Start of Provided records
Lemma corelZ a c c' : corel c c' -> corel (a *: c) (a *: c').
Proof.
move=> [e ce]; exists (fun j => a * e j); rewrite -scalerBr ce scaler_sumr.
by apply: eq_bigr => j _; rewrite scalerA.
Qed.

Lemma corel_ex c : exists d, asbool (corel c d).
Proof. by exists c; apply/asboolP; apply: corel_refl. Qed.

Definition corepr c := xchoose (corel_ex c).

Lemma corel_repr c : corel c (corepr c).
Proof. exact/asboolP/(xchooseP (corel_ex c)). Qed.

Lemma corepr_eq c d : corel c d -> corepr c = corepr d.
Proof.
move=> cd; apply: eq_xchoose => f; apply/asboolP/asboolP.
  exact: corel_trans (corel_sym cd).
exact: corel_trans cd.
Qed.

Lemma corepr_id c : corepr (corepr c) = corepr c.
Proof. exact/corepr_eq/corel_sym/corel_repr. Qed.

Definition coker := {c : 'rV[S]_n | corepr c == c}.

Definition cls c : coker := exist _ (corepr c) (introT eqP (corepr_id c)).

Lemma clsK (x : coker) : cls (sval x) = x.
Proof.
by case: x => c cP; apply: eq_sig_hprop => [z|]; [apply: eq_irrelevance | apply/eqP].
Qed.

Lemma cls_eq c d : cls c = cls d <-> corel c d.
Proof.
split=> [/(congr1 sval) /= cd|cd].
  by apply: corel_trans (corel_repr c) _; rewrite cd; apply/corel_sym/corel_repr.
by apply: eq_sig_hprop => [z|]; [apply: eq_irrelevance | apply: corepr_eq].
Qed.

Lemma cls_corel c : corel (sval (cls c)) c.
Proof. exact/corel_sym/corel_repr. Qed.

Definition coadd (x y : coker) := cls (sval x + sval y).
Definition coopp (x : coker) := cls (- sval x).
Definition cozero := cls 0.
Definition coscale (a : S) (x : coker) := cls (a *: sval x).

Lemma coaddE c d : coadd (cls c) (cls d) = cls (c + d).
Proof. exact/cls_eq/corelD/cls_corel/cls_corel. Qed.
Lemma cooppE c : coopp (cls c) = cls (- c).
Proof. exact/cls_eq/corelN/cls_corel. Qed.
Lemma coscaleE a c : coscale a (cls c) = cls (a *: c).
Proof. exact/cls_eq/corelZ/cls_corel. Qed.

Lemma coaddA : associative coadd.
Proof. by move=> x y z; rewrite -[x]clsK -[y]clsK -[z]clsK !coaddE addrA. Qed.
Lemma coaddC : commutative coadd.
Proof. by move=> x y; rewrite -[x]clsK -[y]clsK !coaddE addrC. Qed.
Lemma coadd0 : left_id cozero coadd.
Proof. by move=> x; rewrite -[x]clsK /cozero coaddE add0r. Qed.
Lemma coaddN : left_inverse cozero coopp coadd.
Proof. by move=> x; rewrite -[x]clsK cooppE coaddE addNr. Qed.
Lemma coscaleA a b x : coscale a (coscale b x) = coscale (a * b) x.
Proof. by rewrite -[x]clsK !coscaleE scalerA. Qed.
Lemma coscale1 : left_id 1 coscale.
Proof. by move=> x; rewrite -[x]clsK coscaleE scale1r. Qed.
Lemma coscaleDr : right_distributive coscale coadd.
Proof.
by move=> a x y; rewrite -[x]clsK -[y]clsK coaddE !coscaleE coaddE scalerDr.
Qed.
Lemma coscaleDl x : {morph coscale^~ x : a b / a + b >-> coadd a b}.
Proof. by move=> a b; rewrite -[x]clsK !coscaleE coaddE scalerDl. Qed.
End Cokernel.

HB.instance Definition _ (S : pzRingType) (n m : nat) (W : 'I_m -> 'rV[S]_n) :=
  Choice.on (coker W).
HB.instance Definition _ (S : pzRingType) (n m : nat) (W : 'I_m -> 'rV[S]_n) :=
  GRing.isZmodule.Build (coker W) (@coaddA S n m W) (@coaddC S n m W)
    (@coadd0 S n m W) (@coaddN S n m W).
HB.instance Definition _ (S : pzRingType) (n m : nat) (W : 'I_m -> 'rV[S]_n) :=
  GRing.Zmodule_isLmodule.Build S (coker W) (@coscaleA S n m W)
    (@coscale1 S n m W) (@coscaleDr S n m W) (@coscaleDl S n m W).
End of Provided records
Problem - Exactly and only the lines from the line containing "Lemma coaddC : commutative coadd." through the last line of the entries should be copied, both ends included.

Answer space -
Lemma coaddC : commutative coadd.
Proof. by move=> x y; rewrite -[x]clsK -[y]clsK !coaddE addrC. Qed.
Lemma coadd0 : left_id cozero coadd.
Proof. by move=> x; rewrite -[x]clsK /cozero coaddE add0r. Qed.
Lemma coaddN : left_inverse cozero coopp coadd.
Proof. by move=> x; rewrite -[x]clsK cooppE coaddE addNr. Qed.
Lemma coscaleA a b x : coscale a (coscale b x) = coscale (a * b) x.
Proof. by rewrite -[x]clsK !coscaleE scalerA. Qed.
Lemma coscale1 : left_id 1 coscale.
Proof. by move=> x; rewrite -[x]clsK coscaleE scale1r. Qed.
Lemma coscaleDr : right_distributive coscale coadd.
Proof.
by move=> a x y; rewrite -[x]clsK -[y]clsK coaddE !coscaleE coaddE scalerDr.
Qed.
Lemma coscaleDl x : {morph coscale^~ x : a b / a + b >-> coadd a b}.
Proof. by move=> a b; rewrite -[x]clsK !coscaleE coaddE scalerDl. Qed.
End Cokernel.

HB.instance Definition _ (S : pzRingType) (n m : nat) (W : 'I_m -> 'rV[S]_n) :=
  Choice.on (coker W).
HB.instance Definition _ (S : pzRingType) (n m : nat) (W : 'I_m -> 'rV[S]_n) :=
  GRing.isZmodule.Build (coker W) (@coaddA S n m W) (@coaddC S n m W)
    (@coadd0 S n m W) (@coaddN S n m W).
HB.instance Definition _ (S : pzRingType) (n m : nat) (W : 'I_m -> 'rV[S]_n) :=
  GRing.Zmodule_isLmodule.Build S (coker W) (@coscaleA S n m W)
    (@coscale1 S n m W) (@coscaleDr S n m W) (@coscaleDl S n m W).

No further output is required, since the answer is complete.